COURSE REQUIREMENTS:
     1) Attendance: Students are expected to attend class and to participate in class discussion.  More than five unexcused absences will be cause for reduction of a student's grade.  In accordance with University policy, any student who misses the first three classes of the semester may be dropped.

     2) Exams: There will be two essay exams, a take-home midterm and an in-class, open-book  final, based on lectures and readings.  Guidelines will be handed out in class.  Exam dates are listed on the syllabus.

     3) Short Reports: There will be three short reports, based primarily on course readings (including lecture handouts and visuals).
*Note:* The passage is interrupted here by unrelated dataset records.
Lemma l1norm_row_mx p q s (A : 'M[R]_(p, q)) (B : 'M[R]_(p, s)) :
  l1norm (row_mx A B) = l1norm A + l1norm B.
Proof.
rewrite /l1norm -big_split; apply: eq_bigr => i _ /=.
by rewrite big_split_ord; congr (_ + _); apply: eq_bigr => j _; rewrite ?row_mxEl ?row_mxEr.
Qed.

Lemma dotv_mx d (u v : 'rV[R]_d) : dotv u v = (u *m v^T) 0 0.
Proof. by rewrite mxE; apply: eq_bigr => i _; rewrite mxE. Qed.

Lemma dotvDr d (u v w : 'rV[R]_d) : dotv u (v + w) = dotv u v + dotv u w.
Proof. by rewrite !dotv_mx linearD mulmxDr mxE. Qed.

Lemma dotvZr d a (u v : 'rV[R]_d) : dotv u (a *: v) = a * dotv u v.
Proof. by rewrite !dotv_mx linearZ -scalemxAr mxE. Qed.

Lemma normr_dotv_le d (u v : 'rV[R]_d) : `|dotv u v| <= l1norm u * l1norm v.
Proof.
rewrite dotv_mx -(l1norm_tr v); apply: le_trans (l1norm_entry _ 0 0) _.
exact: l1normM.
Qed.

Lemma enorm_le_l1norm d (u : 'rV[R]_d) : enorm u <= l1norm u.
Proof.
rewrite /enorm -(ger0_norm (l1norm_ge0 u)) -sqrtr_sqr ler_sqrt ?sqr_ge0 //.
by rewrite expr2; apply: le_trans (ler_norm _) (normr_dotv_le _ _).
Qed.

Lemma l1norm_le_enorm d (u : 'rV[R]_d) : l1norm u <= d%:R * enorm u.
Proof.
have entry_le i : `|u 0 i| <= enorm u.
  rewrite /enorm -sqrtr_sqr ler_sqrt; last by rewrite sumr_ge0 // => j _; rewrite -expr2 sqr_ge0.
  by rewrite /dotv (bigD1 i) //= expr2 lerDl sumr_ge0 // => j _; rewrite -expr2 sqr_ge0.
exact: l1norm_rV_le.
Qed.

Lemma l1norm_lt_of_enorm d (u : 'rV[R]_d) e :
  0 < e -> enorm u < e / (d%:R + 1) -> l1norm u < e.
Proof.
move=> e0 ue; have d0 : 0 <= d%:R :> R by [].
apply: le_lt_trans (l1norm_le_enorm u) _.
have : 0 <= enorm u := sqrtr_ge0 _; rewrite ltr_pdivlMr in ue; last by lra.
nra.
Qed.

Lemma dotv_shift d (v v' x x' y : 'rV[R]_d) :
  dotv v (y - x) <= dotv v' (y - x') + l1norm (v - v') * l1norm (y - x)
                    + l1norm v' * l1norm (x' - x).
Proof.
have -> : dotv v (y - x) = dotv v' (y - x') + dotv (v - v') (y - x) + dotv v' (x' - x).
  by rewrite /dotv -!big_split; apply: eq_bigr => i _; rewrite !mxE /=; ring.
by rewrite -!addrA lerD2l lerD // (le_trans (ler_norm _) (normr_dotv_le _ _)).
Qed.

End L1Norm.

Lemma ler_add_small_mul (R : realType) (a b S : R) : 0 <= S ->
  (forall e, 0 < e -> e <= 1 -> a <= b + e * S) -> a <= b.
Proof.
move=> S0 small; apply/ler_addgt0Pr => e e0.
set e' := Num.min 1 (e / (S + 1)).
have e'0 : 0 < e' by rewrite lt_min ltr01 divr_gt0 //; lra.
have e'S : e' * (S + 1) <= e by rewrite -ler_pdivlMr ?ge_min ?lexx ?orbT //; lra.
have e'1 : e' <= 1 by rewrite ge_min lexx.
apply: le_trans (small e' e'0 e'1) _; nra.
Qed.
They will consist of the following: 1) A tak-home quiz due September 19; 2) an article report; 3) a document explanation.  All students will do the take-home quiz; reports #2 & 3 will be due at different times during the semester, according to a sign-up sheet handed out in class.

     4) Book analysis: Each student will write a 4-5 page analytical essay based on the Jacobs or Moody book, and relevant documents from the text.  Guidelines will be handed out in class.  Students in Section 80 will work on research papers instead of the book analysis.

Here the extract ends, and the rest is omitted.